··· Record excerpts ···
(* Assume (C0), (C1), (C2). Then, as $k\to\infty$ over $\mathbb{N}_{odd}$, $$\|\Phi_k\|_{L^2(0,\infty)}=O(1),\qquad \|\Phi_k'\|_{L^2(0,\infty)}=O(k),\qquad \|\Phi_k'\|_{L^\infty(0,\infty)}=O(k^{3/2}).$$ In particular $|\Phi_k'(0)|=O(k^{3/2})$.
   Context: Let $\omega>0$; $\mathbb{N}_{odd}$ is the set of positive odd integers. (C0): $g\in L^\infty(\mathbb{R})$ even, $g\not\equiv0$, $h=\gamma\delta_0$ with $\gamma\in\mathbb{R}\setminus\{0\}$. For $k\in\mathbb{N}_{odd}$, $L_k=-\frac{d^2}{dx^2}-k^2\omega^2g$ on $L^2(\mathbb{R})$ with domain $H^2(\mathbb{R})$; $\sigma_D(L_k)$ is the spectrum of $L_k$ restricted to $\{\varphi\in H^2(\mathbb{R}):\varphi(0)=0\}$. (C1): for all $k\in\mathbb{N}_{odd}$, $0\notin\sigma_{ess}(L_k)\cup\sigma_D(L_k)$. Under (C0),(C1) fix for each $k\in\mathbb{N}_{odd}$ a function $\Phi_k\in H^2(0,\infty)$ with $L_k\Phi_k=0$ on $(0,\infty)$ and $\Phi_k(0)=1$. (C2): there exist $\rho,M>0$ with $|\Phi_k(x)|\le Me^{-\rho x}$ for $x\ge0$, $k\in\mathbb{N}_{odd}$. *)

From HB Require Import structures.
From mathcomp Require Import all_boot all_order all_algebra.
From mathcomp Require Import all_classical all_reals all_analysis.
Set Implicit Arguments. Unset Strict Implicit. Unset Printing Implicit Defensive.
Import Order.TTheory GRing.Theory Num.Theory.
Local Open Scope classical_set_scope.
Local Open Scope ring_scope.

Section Defs.
Variable R : realType.
Local Notation mu := (@lebesgue_measure R).

Definition L2 (D : set R) (f : R -> R) : Prop :=
  measurable_fun D f /\ (\int[mu]_(x in D) ((f x) ^+ 2)%:E < +oo)%E.

Definition L2norm (D : set R) (f : R -> R) : \bar R :=
  ((\int[mu]_(x in D) ((f x) ^+ 2)%:E) `^ (2^-1))%E.

Definition oint (a b : R) (u : R -> R) : R :=
  if a <= b then \int[mu]_(t in `[a, b]) u t else - \int[mu]_(t in `[b, a]) u t.

(* f in H^2(R) with (continuous representatives of) weak derivatives u = f', v = f'' *)
Definition H2R (f u v : R -> R) : Prop :=
  [/\ L2 setT f, L2 setT u, L2 setT v,
      forall x, f x = f 0 + oint 0 x u &
      forall x, u x = u 0 + oint 0 x v].

(* f in H^2(0,oo) (restricted to [0,oo)) with weak derivatives u = f', v = f'' ;
   values at 0 are those of the continuous extensions *)
Definition H2half (f u v : R -> R) : Prop :=
  [/\ L2 `]0, +oo[ f, L2 `]0, +oo[ u, L2 `]0, +oo[ v,
      forall x, 0 <= x -> f x = f 0 + oint 0 x u &
      forall x, 0 <= x -> u x = u 0 + oint 0 x v].

(* Domain of the Dirichlet realization at 0: f in L^2(R), f in H^2 on each of
   (-oo,0) and (0,oo), f(0-) = f(0+) = 0 (u = f' may jump at 0). *)
Definition DirDom (f u v : R -> R) : Prop :=
  [/\ L2 setT f /\ L2 setT u /\ L2 setT v, f 0 = 0,
      forall x, f x = oint 0 x u,
      forall x, 0 <= x -> u x = u 0 + oint 0 x v &
      exists c, forall x, x < 0 -> u x = c + oint 0 x v].

Definition Lk (omega : R) (g : R -> R) (k : nat) (f v : R -> R) : R -> R :=
  fun x => - v x - (k%:R) ^+ 2 * omega ^+ 2 * g x * f x.

(* 0 in the essential spectrum of L_k (operator on L^2(R) with domain H^2(R)),
   via Weyl's criterion: a singular Weyl sequence exists. *)
Definition zero_in_ess (omega : R) (g : R -> R) (k : nat) : Prop :=
  exists f u v : nat -> R -> R,
    [/\ forall n, H2R (f n) (u n) (v n),
        forall n, \int[mu]_x ((f n x) ^+ 2) = 1,
        forall phi, L2 setT phi ->
          (fun n => \int[mu]_x (f n x * phi x)) @ \oo --> 0 &
        (fun n => \int[mu]_x ((Lk omega g k (f n) (v n) x) ^+ 2)) @ \oo --> 0].

(* 0 in the Dirichlet spectrum: L_k on the Dirichlet domain is not a bijection
   onto L^2(R) (modulo a.e. equality). *)
Definition zero_in_dir (omega : R) (g : R -> R) (k : nat) : Prop :=
  ~ ( (forall f u v, DirDom f u v ->
         {ae mu, forall x, Lk omega g k f v x = 0} -> {ae mu, forall x, f x = 0})
    /\ (forall w, L2 setT w -> exists f u v, DirDom f u v /\
         {ae mu, forall x, Lk omega g k f v x = w x}) ).

End Defs.

From HB Require Import structures.
From mathcomp Require Import all_boot all_order all_algebra.
From mathcomp Require Import all_classical all_reals all_analysis.
From mathcomp Require Import measurable_realfun.
From mathcomp Require Import lra ring.
Import Order.TTheory GRing.Theory Num.Theory.
Local Open Scope classical_set_scope.
Local Open Scope ring_scope.

(* Write u = Phi_k' and v = Phi_k''. The equation L_k Phi_k = 0 gives
   |v| <= c k^2 |Phi_k| with c = omega^2 |g|_oo, and (C2) gives
   |Phi_k(t)| <= M e^{-rho t}. On a window [x, x + h] the Taylor-type identity
   h u(x) = Phi_k(x + h) - Phi_k(x) - int_x^{x+h} (u - u(x)) yields
   h |u(x)| <= 2 M e^{-rho x} + c k^2 M e^{-rho x} h^2, and the choice h = 1/k
   gives |u(x)| <= (2 + c) M k e^{-rho x}. Integrating the squares of these
   exponential bounds gives the L^2 estimates; the pointwise bound O(k) is
   stronger than the claimed O(k^{3/2}). *)

Section interval_integrals.
Context {R : realType}.
Local Notation mu := (@lebesgue_measure R).

Lemma lebesgue_measure_itvcc (a b : R) : a <= b -> mu `[a, b] = (b - a)%:E.
Proof.
move=> ab; rewrite lebesgue_measure_itv /= lte_fin.
case: (ltP a b) => [_|ba]; first by rewrite EFinB.
have -> : b = a by apply/eqP; rewrite eq_le ab ba.
by rewrite subrr.
Qed.

Lemma ae_neq0 : {ae mu, forall t : R, t != 0}.
Proof.
exists [set 0]; split => //; first by rewrite lebesgue_measure_set1.
by move=> t /= /negP; rewrite negbK => /eqP.
Qed.

Lemma measurable_fun_itvoo_itvco {a : R} {w : R -> R} :
  measurable_fun `]a, +oo[ w -> measurable_fun `[a, +oo[ w.
Proof.
move=> mw.
have -> : `[a, +oo[%classic = [set a] `|` `]a, +oo[%classic.
  apply/seteqP; split => t /=; rewrite !in_itv /= !andbT.
    by rewrite le_eqVlt => /predU1P[<-|->]; [left|right].
  by case=> [->//|/ltW].
by apply/measurable_funU => //; split => //; exact: measurable_fun_set1.
Qed.

Lemma measurable_fun_itvcc_itvco {a b y : R} {w : R -> R} : a <= b ->
  measurable_fun `[a, +oo[ w -> measurable_fun `[b, y] w.
Proof.
move=> ab; apply: measurable_funS => // t /=.
by rewrite !in_itv /= andbT => /andP[bt _]; rewrite (le_trans ab bt).
Qed.

Section ae_bounded.
Context {a b c : R} {w : R -> R}.
Hypotheses (ab : a <= b) (c_ge0 : 0 <= c) (mw : measurable_fun `[a, b] w)
           (w_bounded : {ae mu, forall t, `[a, b]%classic t -> `|w t| <= c}).

Let integral_norm_le : (\int[mu]_(t in `[a, b]) `|(w t)%:E| <= (c * (b - a))%:E)%E.
Proof.
apply: (@le_trans _ _ (\int[mu]_(t in `[a, b]) (cst c%:E) t)%E).
  apply: ae_ge0_le_integral => //.
  by apply: measurableT_comp => //; apply/measurable_EFinP.
rewrite integral_cst //; set m := (X in (_ * X)%E).
by have -> : m = (b - a)%:E by exact: lebesgue_measure_itvcc.
Qed.

Lemma ae_bounded_integrable_itvcc : mu.-integrable `[a, b] (EFin \o w).
Proof.
apply/integrableP; split; first exact/measurable_EFinP.
by apply: le_lt_trans integral_norm_le _; rewrite ltry.
Qed.

Lemma ae_bounded_Rintegral_itvcc : `|\int[mu]_(t in `[a, b]) w t| <= c * (b - a).
Proof.
apply: le_trans (le_normr_Rintegral _ ae_bounded_integrable_itvcc) _ => //.
have fin : (\int[mu]_(t in `[a, b]) (`|w t|)%:E \is a fin_num)%E.
  rewrite ge0_fin_numE; last by apply: integral_ge0 => t _; rewrite lee_fin.
  by apply: le_lt_trans integral_norm_le _; rewrite ltry.
by rewrite /Rintegral -lee_fin fineK.
Qed.

End ae_bounded.

Lemma Rintegral_itvcc_sub (a b c : R) (w : R -> R) : a <= b -> b <= c ->
  mu.-integrable `[a, c] (EFin \o w) ->
  \int[mu]_(t in `[a, c]) w t - \int[mu]_(t in `[a, b]) w t =
  \int[mu]_(t in `[b, c]) w t.
Proof.
move=> ab bc iw.
rewrite (@Rintegral_itvB _ w (BLeft a) (BRight c) b) ?bnd_simp //.
rewrite Rintegral_itv_obnd_cbnd //.
by apply: integrableS iw => //; apply: subset_itvr; rewrite bnd_simp.
Qed.

(* The integrand is a multiple of the exponential density of rate [r]. *)
Lemma integral_itvoo_expR_le (r A : R) : 0 < r -> 0 <= A ->
  (\int[mu]_(x in `]0%R, +oo[) (A * expR (- r * x))%:E <= (A / r)%:E)%E.
Proof.
move=> r0 A0.
have mpdf : measurable_fun setT (EFin \o exponential_pdf r).
  by apply/measurable_EFinP; exact: measurable_exponential_pdf.
have Ar0 : 0 <= A / r by rewrite divr_ge0 // ltW.
have -> : (\int[mu]_(x in `]0%R, +oo[) (A * expR (- r * x))%:E =
    \int[mu]_(x in `]0%R, +oo[) ((A / r)%:E * (exponential_pdf r x)%:E))%E.
  apply: eq_integral => x; rewrite inE /= in_itv /= andbT => x0.
  by rewrite exponential_pdfE ?(ltW x0) // -EFinM mulrA divfK // gt_eqF.
apply: (@le_trans _ _ (\int[mu]_x ((A / r)%:E * (exponential_pdf r x)%:E))%E).
  apply: ge0_subset_integral => //=; first exact: measurable_funeM.
  by move=> x _; rewrite -EFinM lee_fin mulr_ge0 // exponential_pdf_ge0 // ltW.
rewrite (@ge0_integralZl_EFin _ _ _ mu setT measurableT
  (fun x => (exponential_pdf r x)%:E)) //.
- by rewrite integral_exponential_pdf // mule1.
- by move=> x _; rewrite lee_fin exponential_pdf_ge0 // ltW.
Qed.

Lemma L2norm_itvoo_le_expR (w : R -> R) (A rho : R) : 0 < rho -> 0 <= A ->
  measurable_fun (`]0%R, +oo[ : set R) w ->
  (forall x, 0 < x -> `|w x| <= A * expR (- rho * x)) ->
  (L2norm `]0%R, +oo[ w <= (A * Num.sqrt (2 * rho)^-1)%:E)%E.
Proof.
move=> rho0 A0 mw hw.
have r0 : 0 < 2 * rho by rewrite mulr_gt0.
have sq_le : (\int[mu]_(x in `]0%R, +oo[) ((w x) ^+ 2)%:E <=
              \int[mu]_(x in `]0%R, +oo[) (A ^+ 2 * expR (- (2 * rho) * x))%:E)%E.
  apply: ge0_le_integral => //.
  - by move=> x _; rewrite lee_fin sqr_ge0.
  - exact/measurable_EFinP/measurable_funX.
  - apply/measurable_EFinP/measurable_funM => //.
    exact/measurableT_comp/measurable_funM.
  - move=> x; rewrite /= in_itv /= andbT => x0; rewrite lee_fin.
    have -> : A ^+ 2 * expR (- (2 * rho) * x) = (A * expR (- rho * x)) ^+ 2.
      by rewrite exprMn -expRM_natl; congr (_ * expR _); ring.
    by rewrite -[w x ^+ 2]real_normK ?num_real // !expr2 ler_pM ?hw.
have e : (((A ^+ 2 / (2 * rho))%:E) `^ 2^-1 = (A * Num.sqrt (2 * rho)^-1)%:E)%E.
  rewrite poweR_EFin powR12_sqrt; last by rewrite divr_ge0 ?sqr_ge0 // ltW.
  by rewrite sqrtrM ?sqr_ge0 // sqrtr_sqr ger0_norm.
rewrite /L2norm -e.
have := le_trans sq_le (integral_itvoo_expR_le _ _ r0 (sqr_ge0 A)).
apply: (gt0_ler_poweR (r := 2^-1)).
- by rewrite invr_ge0.
- by rewrite in_itv /= leey andbT integral_ge0 // => x _; rewrite lee_fin sqr_ge0.
- by rewrite in_itv /= leey andbT lee_fin divr_ge0 ?sqr_ge0 // ltW.
Qed.

End interval_integrals.

Section half_line_primitives.
Context {R : realType}.
Local Notation mu := (@lebesgue_measure R).
Context {f u v : R -> R} {c : R}.
Hypotheses (f_prim : forall t, 0 <= t -> f t = f 0 + oint 0 t u)
           (u_prim : forall t, 0 <= t -> u t = u 0 + oint 0 t v)
           (measurable_u : measurable_fun (`[0%R, +oo[ : set R) u)
           (measurable_v : measurable_fun (`[0%R, +oo[ : set R) v)
           (c_ge0 : 0 <= c)
           (v_bounded : {ae mu, forall t, 0 < t -> `|v t| <= c}).

Let v_bounded_itvcc a b : 0 <= a ->
  {ae mu, forall t, `[a, b]%classic t -> `|v t| <= c}.
Proof.
move=> a0; apply: (filterS2 (ae_filter_ringOfSetsType mu)) v_bounded ae_neq0.
move=> t vt t0.
rewrite /= in_itv /= => /andP[at_ _]; apply: vt.
by rewrite lt_neqAle eq_sym t0 (le_trans a0 at_).
Qed.

Let integrable_v a b : 0 <= a -> a <= b -> mu.-integrable `[a, b] (EFin \o v).
Proof.
move=> a0 ab; apply: (ae_bounded_integrable_itvcc ab c_ge0).
- exact: measurable_fun_itvcc_itvco a0 measurable_v.
- exact: v_bounded_itvcc.
Qed.

Lemma Rintegral_second_deriv x t : 0 <= x -> x <= t ->
  u t - u x = \int[mu]_(s in `[x, t]) v s.
Proof.
move=> x0 xt; have t0 := le_trans x0 xt.
rewrite (u_prim _ t0) (u_prim _ x0) /oint t0 x0 opprD addrACA subrr add0r.
by apply: Rintegral_itvcc_sub => //; exact: integrable_v.
Qed.

Let integrable_u a b : 0 <= a -> a <= b -> mu.-integrable `[a, b] (EFin \o u).
Proof.
move=> a0 ab; apply: (ae_bounded_integrable_itvcc ab (c := `|u 0| + c * b)).
- by rewrite addr_ge0 // mulr_ge0 // (le_trans a0 ab).
- exact: measurable_fun_itvcc_itvco a0 measurable_u.
apply: aeW => t /=; rewrite in_itv /= => /andP[at_ tb].
have t0 := le_trans a0 at_.
rewrite -[u t](subrK (u 0)) Rintegral_second_deriv // addrC.
apply: le_trans (ler_normD _ _) _; rewrite lerD2l.
apply: le_trans (ae_bounded_Rintegral_itvcc t0 c_ge0 _ _) _.
- exact: measurable_fun_itvcc_itvco (lexx 0) measurable_v.
- exact: v_bounded_itvcc.
by rewrite subr0 ler_wpM2l.
Qed.

Lemma Rintegral_deriv x t : 0 <= x -> x <= t ->
  f t - f x = \int[mu]_(s in `[x, t]) u s.
Proof.
move=> x0 xt; have t0 := le_trans x0 xt.
rewrite (f_prim _ t0) (f_prim _ x0) /oint t0 x0 opprD addrACA subrr add0r.
by apply: Rintegral_itvcc_sub => //; exact: integrable_u.
Qed.

(* Comparing u with its value at [x] on the window [x, x + h]:
   [h u(x) = f(x + h) - f(x) - int_x^{x+h} (u - u(x))] and [|u - u(x)| <= V h]. *)
Lemma window_deriv_bound x h E V : 0 <= x -> 0 < h -> 0 <= V ->
  `|f x| <= E -> `|f (x + h)| <= E ->
  {ae mu, forall t, `[x, x + h]%classic t -> `|v t| <= V} ->
  h * `|u x| <= 2 * E + V * h ^+ 2.
Proof.
move=> x0 h0 V0 fxE fxhE vV.
have xxh : x <= x + h by rewrite lerDl ltW.
have xhx : x + h - x = h by rewrite addrAC subrr add0r.
have meas_u_window : measurable_fun `[x, x + h] u :=
  measurable_fun_itvcc_itvco x0 measurable_u.
have du_le t : `[x, x + h]%classic t -> `|u t - u x| <= V * h.
  rewrite /= in_itv /= => /andP[xt th]; rewrite Rintegral_second_deriv //.
  apply: le_trans (ae_bounded_Rintegral_itvcc xt V0 _ _) _.
  - exact: measurable_fun_itvcc_itvco x0 measurable_v.
  - apply: (@filterS _ _ (ae_filter_ringOfSetsType mu)) vV => s vs /=.
    rewrite in_itv /= => /andP[xs st]; apply: vs.
    by rewrite /= in_itv /= xs (le_trans st th).
  by rewrite ler_wpM2l // lerBlDl.
have int_du : `|\int[mu]_(s in `[x, x + h]) (u s - u x)| <= V * h * (x + h - x).
  apply: (ae_bounded_Rintegral_itvcc xxh (mulr_ge0 V0 (ltW h0))).
  - exact: measurable_funB.
  - exact: aeW.
have int_cst : mu.-integrable `[x, x + h] (EFin \o cst (u x)).
  by apply: (ae_bounded_integrable_itvcc xxh (normr_ge0 (u x))) => //; exact: aeW.
have int_duE : \int[mu]_(s in `[x, x + h]) (u s - u x) =
    f (x + h) - f x - u x * h.
  rewrite RintegralB ?integrable_u // Rintegral_cst //.
  rewrite Rintegral_deriv //; set m := (X in _ * fine X).
  have -> : m = (x + h - x)%:E by exact: lebesgue_measure_itvcc.
  by rewrite /= xhx.
rewrite int_duE xhx in int_du.
have uxh_le : `|u x * h| <= `|f (x + h) - f x| + V * h * h.
  have -> : u x * h = f (x + h) - f x - (f (x + h) - f x - u x * h) by ring.
  by apply: le_trans (ler_normB _ _) _; rewrite lerD2l.
have := ler_normB (f (x + h)) (f x).
move: uxh_le; rewrite normrM (gtr0_norm h0) mulrC expr2 mulrA.
lra.
Qed.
···
Working from the records above, write out verbatim only the lines from the line containing "Definition H2half (f" through the line containing "exists c, forall".

Exercise result ::
Definition H2half (f u v : R -> R) : Prop :=
  [/\ L2 `]0, +oo[ f, L2 `]0, +oo[ u, L2 `]0, +oo[ v,
      forall x, 0 <= x -> f x = f 0 + oint 0 x u &
      forall x, 0 <= x -> u x = u 0 + oint 0 x v].

(* Domain of the Dirichlet realization at 0: f in L^2(R), f in H^2 on each of
   (-oo,0) and (0,oo), f(0-) = f(0+) = 0 (u = f' may jump at 0). *)
Definition DirDom (f u v : R -> R) : Prop :=
  [/\ L2 setT f /\ L2 setT u /\ L2 setT v, f 0 = 0,
      forall x, f x = oint 0 x u,
      forall x, 0 <= x -> u x = u 0 + oint 0 x v &
      exists c, forall x, x < 0 -> u x = c + oint 0 x v].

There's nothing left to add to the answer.